Storia del turismo termale a Merano


Il lancio di Merano come stazione di cura avvenne nella prima metà del XIX secolo, dopo che nel 1836 la contessa viennese Mathilde von Schwarzenberg e il suo medico personale Johann Nepomuk Huber scoprirono la piccola cittadina e i suoi effetti benefici. L'acqua, il clima mite e le numerose giornate di sole vennero descritte per la prima volta - in forma di pubblicità turistica - nel libretto del medico Huber: "Über die Stadt Meran in Tirol, ihre Umgebung und ihr Klima. Nebst Bemerkungen über Milch-, Molken-, und Traubenkur und nahe Mineralquellen (Sulla città di Merano, i dintorni ed il suo clima. Con annotazioni sulla cura del latte, del siero e dell'uva e sulle vicine sorgenti minerali)". Malgrado Merano fosse priva di strutture adeguate, poteva già contare alcuni ospiti che vi si recavano per passare le vacanze. L'allora sindaco Valentin Haller intravide la possibilità di un'attività turistica della città e profuse tutto il suo impegno per trasformare Merano in un importante centro turistico.

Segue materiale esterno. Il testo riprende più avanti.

(* A double category $\mathbb{A}$ is cofibrant in the model structure on $\mathrm{DblCat}$ right-induced along $(\mathbf{H},\mathcal{V})$ from two copies of the Lack model structure if and only if its underlying horizontal category $U\mathbf{H}\mathbb{A}$ is free (on a graph) and its underlying vertical category $U\mathbf{V}\mathbb{A}$ is a disjoint union of copies of $\mathbbm{1}$ and $\mathbbm{2}$.
   Context: The model structure on $\mathrm{DblCat}$ in question has weak equivalences the double functors $F$ with $\mathbf{H}F$ and $\mathcal{V}F$ biequivalences and fibrations those with $\mathbf{H}F$, $\mathcal{V}F$ Lack fibrations ($\mathbf{H}$: underlying horizontal 2-category; $\mathcal{V}$: 2-category of vertical morphisms, squares, and pairs of globular squares as 2-cells). Its trivial fibrations are the double functors surjective on objects, full on horizontal morphisms, surjective on vertical morphisms, and fully faithful on squares; cofibrant means $\emptyset\to\mathbb{A}$ has the left lifting property against these. $U\mathbf{H}\mathbb{A}$ is the category of objects and horizontal morphisms of $\mathbb{A}$, $U\mathbf{V}\mathbb{A}$ the category of objects and vertical morphisms. $\mathbbm{1}$ is the terminal category, $\mathbbm{2}=\{0\to1\}$. *)

From mathcomp Require Import ssreflect ssrfun ssrbool.
From Stdlib Require Import List.

Set Implicit Arguments.
Unset Strict Implicit.
Unset Printing Implicit Defensive.

(* Strict double categories (internal categories in Cat), presented by their
   four sorts (objects, horizontal morphisms, vertical morphisms, squares)
   with boundary maps.  Composites take a proof that the boundaries match;
   all axioms are quantified over every such proof.                          *)

Record DblCat := {
  Ob : Type;
  Hor : Type;
  hs : Hor -> Ob;  ht : Hor -> Ob;
  hid : Ob -> Hor;
  hcomp : forall f g : Hor, ht f = hs g -> Hor;
  Ver : Type;
  vs : Ver -> Ob;  vt : Ver -> Ob;
  vid : Ob -> Ver;
  vcomp : forall u v : Ver, vt u = vs v -> Ver;
  Sq : Type;
  sl : Sq -> Ver;  sr : Sq -> Ver;  st : Sq -> Hor;  sb : Sq -> Hor;
  hsq_id : Ver -> Sq;
  vsq_id : Hor -> Sq;
  hsq_comp : forall a b : Sq, sr a = sl b -> Sq;
  vsq_comp : forall a b : Sq, sb a = st b -> Sq;

  sq_tl : forall a, hs (st a) = vs (sl a);
  sq_tr : forall a, ht (st a) = vs (sr a);
  sq_bl : forall a, hs (sb a) = vt (sl a);
  sq_br : forall a, ht (sb a) = vt (sr a);

  hid_s : forall x, hs (hid x) = x;
  hid_t : forall x, ht (hid x) = x;
  hcomp_s : forall f g e, hs (@hcomp f g e) = hs f;
  hcomp_t : forall f g e, ht (@hcomp f g e) = ht g;
  hcomp_id_l : forall f e, @hcomp (hid (hs f)) f e = f;
  hcomp_id_r : forall f e, @hcomp f (hid (ht f)) e = f;
  hcomp_assoc : forall f g h e1 e2 e3 e4,
      @hcomp (@hcomp f g e1) h e2 = @hcomp f (@hcomp g h e3) e4;

  vid_s : forall x, vs (vid x) = x;
  vid_t : forall x, vt (vid x) = x;
  vcomp_s : forall u v e, vs (@vcomp u v e) = vs u;
  vcomp_t : forall u v e, vt (@vcomp u v e) = vt v;
  vcomp_id_l : forall u e, @vcomp (vid (vs u)) u e = u;
  vcomp_id_r : forall u e, @vcomp u (vid (vt u)) e = u;
  vcomp_assoc : forall u v w e1 e2 e3 e4,
      @vcomp (@vcomp u v e1) w e2 = @vcomp u (@vcomp v w e3) e4;

  hsq_id_l : forall u, sl (hsq_id u) = u;
  hsq_id_r : forall u, sr (hsq_id u) = u;
  hsq_id_t : forall u, st (hsq_id u) = hid (vs u);
  hsq_id_b : forall u, sb (hsq_id u) = hid (vt u);
  vsq_id_l : forall f, sl (vsq_id f) = vid (hs f);
  vsq_id_r : forall f, sr (vsq_id f) = vid (ht f);
  vsq_id_t : forall f, st (vsq_id f) = f;
  vsq_id_b : forall f, sb (vsq_id f) = f;

  hsq_comp_l : forall a b e, sl (@hsq_comp a b e) = sl a;
  hsq_comp_r : forall a b e, sr (@hsq_comp a b e) = sr b;
  hsq_comp_t : forall a b e e', st (@hsq_comp a b e) = @hcomp (st a) (st b) e';
  hsq_comp_b : forall a b e e', sb (@hsq_comp a b e) = @hcomp (sb a) (sb b) e';
  vsq_comp_t : forall a b e, st (@vsq_comp a b e) = st a;
  vsq_comp_b : forall a b e, sb (@vsq_comp a b e) = sb b;
  vsq_comp_l : forall a b e e', sl (@vsq_comp a b e) = @vcomp (sl a) (sl b) e';
  vsq_comp_r : forall a b e e', sr (@vsq_comp a b e) = @vcomp (sr a) (sr b) e';

  hsq_comp_id_l : forall a e, @hsq_comp (hsq_id (sl a)) a e = a;
  hsq_comp_id_r : forall a e, @hsq_comp a (hsq_id (sr a)) e = a;
  hsq_comp_assoc : forall a b c e1 e2 e3 e4,
      @hsq_comp (@hsq_comp a b e1) c e2 = @hsq_comp a (@hsq_comp b c e3) e4;
  vsq_comp_id_l : forall a e, @vsq_comp (vsq_id (st a)) a e = a;
  vsq_comp_id_r : forall a e, @vsq_comp a (vsq_id (sb a)) e = a;
  vsq_comp_assoc : forall a b c e1 e2 e3 e4,
      @vsq_comp (@vsq_comp a b e1) c e2 = @vsq_comp a (@vsq_comp b c e3) e4;

  id_id : forall x, hsq_id (vid x) = vsq_id (hid x);
  hsq_id_vcomp : forall u v e e',
      hsq_id (@vcomp u v e) = @vsq_comp (hsq_id u) (hsq_id v) e';
  vsq_id_hcomp : forall f g e e',
      vsq_id (@hcomp f g e) = @hsq_comp (vsq_id f) (vsq_id g) e';
  interchange : forall a b c d e1 e2 e3 e4 e5 e6,
      @vsq_comp (@hsq_comp a b e1) (@hsq_comp c d e2) e5 =
      @hsq_comp (@vsq_comp a c e3) (@vsq_comp b d e4) e6
}.

Record DblFunctor (A B : DblCat) := {
  fO : Ob A -> Ob B;
  fH : Hor A -> Hor B;
  fV : Ver A -> Ver B;
  fS : Sq A -> Sq B;
  fH_s : forall f, hs (fH f) = fO (hs f);
  fH_t : forall f, ht (fH f) = fO (ht f);
  fV_s : forall u, vs (fV u) = fO (vs u);
  fV_t : forall u, vt (fV u) = fO (vt u);
  fS_l : forall a, sl (fS a) = fV (sl a);
  fS_r : forall a, sr (fS a) = fV (sr a);
  fS_t : forall a, st (fS a) = fH (st a);
  fS_b : forall a, sb (fS a) = fH (sb a);
  fH_id : forall x, fH (hid x) = hid (fO x);
  fH_comp : forall f g e e', fH (@hcomp A f g e) = @hcomp B (fH f) (fH g) e';
  fV_id : forall x, fV (vid x) = vid (fO x);
  fV_comp : forall u v e e', fV (@vcomp A u v e) = @vcomp B (fV u) (fV v) e';
  fS_hid : forall u, fS (hsq_id u) = hsq_id (fV u);
  fS_vid : forall f, fS (vsq_id f) = vsq_id (fH f);
  fS_hcomp : forall a b e e', fS (@hsq_comp A a b e) = @hsq_comp B (fS a) (fS b) e';
  fS_vcomp : forall a b e e', fS (@vsq_comp A a b e) = @vsq_comp B (fS a) (fS b) e'
}.

Definition trivial_fibration (X Y : DblCat) (P : DblFunctor X Y) : Prop :=
  (forall y : Ob Y, exists x : Ob X, fO P x = y) /\
  (forall (x x' : Ob X) (g : Hor Y), hs g = fO P x -> ht g = fO P x' ->
     exists f : Hor X, [/\ hs f = x, ht f = x' & fH P f = g]) /\
  (forall v : Ver Y, exists u : Ver X, fV P u = v) /\
  (forall (f f' : Hor X) (u u' : Ver X) (b : Sq Y),
     hs f = vs u -> ht f = vs u' -> hs f' = vt u -> ht f' = vt u' ->
     st b = fH P f -> sb b = fH P f' -> sl b = fV P u -> sr b = fV P u' ->
     exists! a : Sq X, [/\ st a = f, sb a = f', sl a = u, sr a = u' & fS P a = b]).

Nel 1855, un gruppo di albergatori e ristoratori meranesi fondò l'Azienda di Cura, Soggiorno e Turismo e si iniziarono a registrare con molta precisione i nomi degli ospiti della città di cura nella cosiddetta "lista di cura". Essi unirono le loro forze per mettere in moto il turismo cittadino: vennero costruite nuove infrastrutture e ai tanti ospiti meranesi venne offerto un programma di intrattenimento sempre più fitto e interessante. L'Azienda di Soggiorno, la prima del Tirolo e presumibilmente la seconda al mondo dopo Karlsbad (1835), dette un notevole contributo alla rapida evoluzione di Merano da "cittadina addormentata" del XIX secolo a stazione di cura di fama mondiale. Risultato: un grande viavai di aristocratici ed artisti della Mitteleuropa.
L'inaugurazione del tratto ferroviario del Brennero, nel 1867 e, in seguito, il collegamento Merano-Bolzano nel 1881, determinarono l'inarrestabile ascesa di Merano a città di cura più importante del Tirolo. Durante la "belle époque", periodo aureo di Merano caratterizzato da un vero e proprio boom edilizio - vennero infatti costruiti palazzi all'avanguardia e in stile liberty -, il turismo cittadino subì un' ulteriore impennata. Dal nulla sorsero alberghi di lusso, pensioni, il campo sportivo, l'ippodromo, il teatro, il Kurhaus con il padiglione della musica, sale da ballo e sale concerti, ma anche l'ospedale e la teleferica per S. Vigilio. Vennero inoltre costruite le prime strade che collegavano la città ai paesi limitrofi permettendo così di scoprirne la bellezza.
Merano si sviluppò molto presto da luogo di cura per malati di tubercolosi (XIX secolo) a punto d'incontro mondano per gli "ammalati di moda" e per l' elites europee. Infatti alla soglia della Prima guerra mondiale il 66% di tutti i villeggianti meranesi provenivano da paesi esterni alla monarchia austro-ungarica (71% tedeschi, 17% russi e 0,7% italiani). Le rinomate passeggiate meranesi si prestavano particolarmente per le tanto amate "passerelle", dove ci si recava per guardare e per essere guardati. Nel 1870/71 e poi ancora nel 1872, 1889 e 1897, l'imperatrice austriaca Elisabetta d'Austria ("Sissi") con la figlia Valerie e la sua corte, scelse Merano e, in particolare, Castel Trauttmansdorff quale luogo di villeggiatura. Le sue frequenti permanenze nella stazione climatica dettero un ulteriore slancio all'ascesa di Merano quale rinomata città di cura. Le passeggiate e i parchi appositamente realizzati, crearono presto un magnifico contrasto tra il paesaggio alpino e la vegetazione mediterranea, che oggi fa di Merano un unicum nel suo genere. Il paesaggio intatto, il clima mite, le varie cure termali e la ricca offerta culturale erano e sono tutt'oggi il traino del turismo meranese.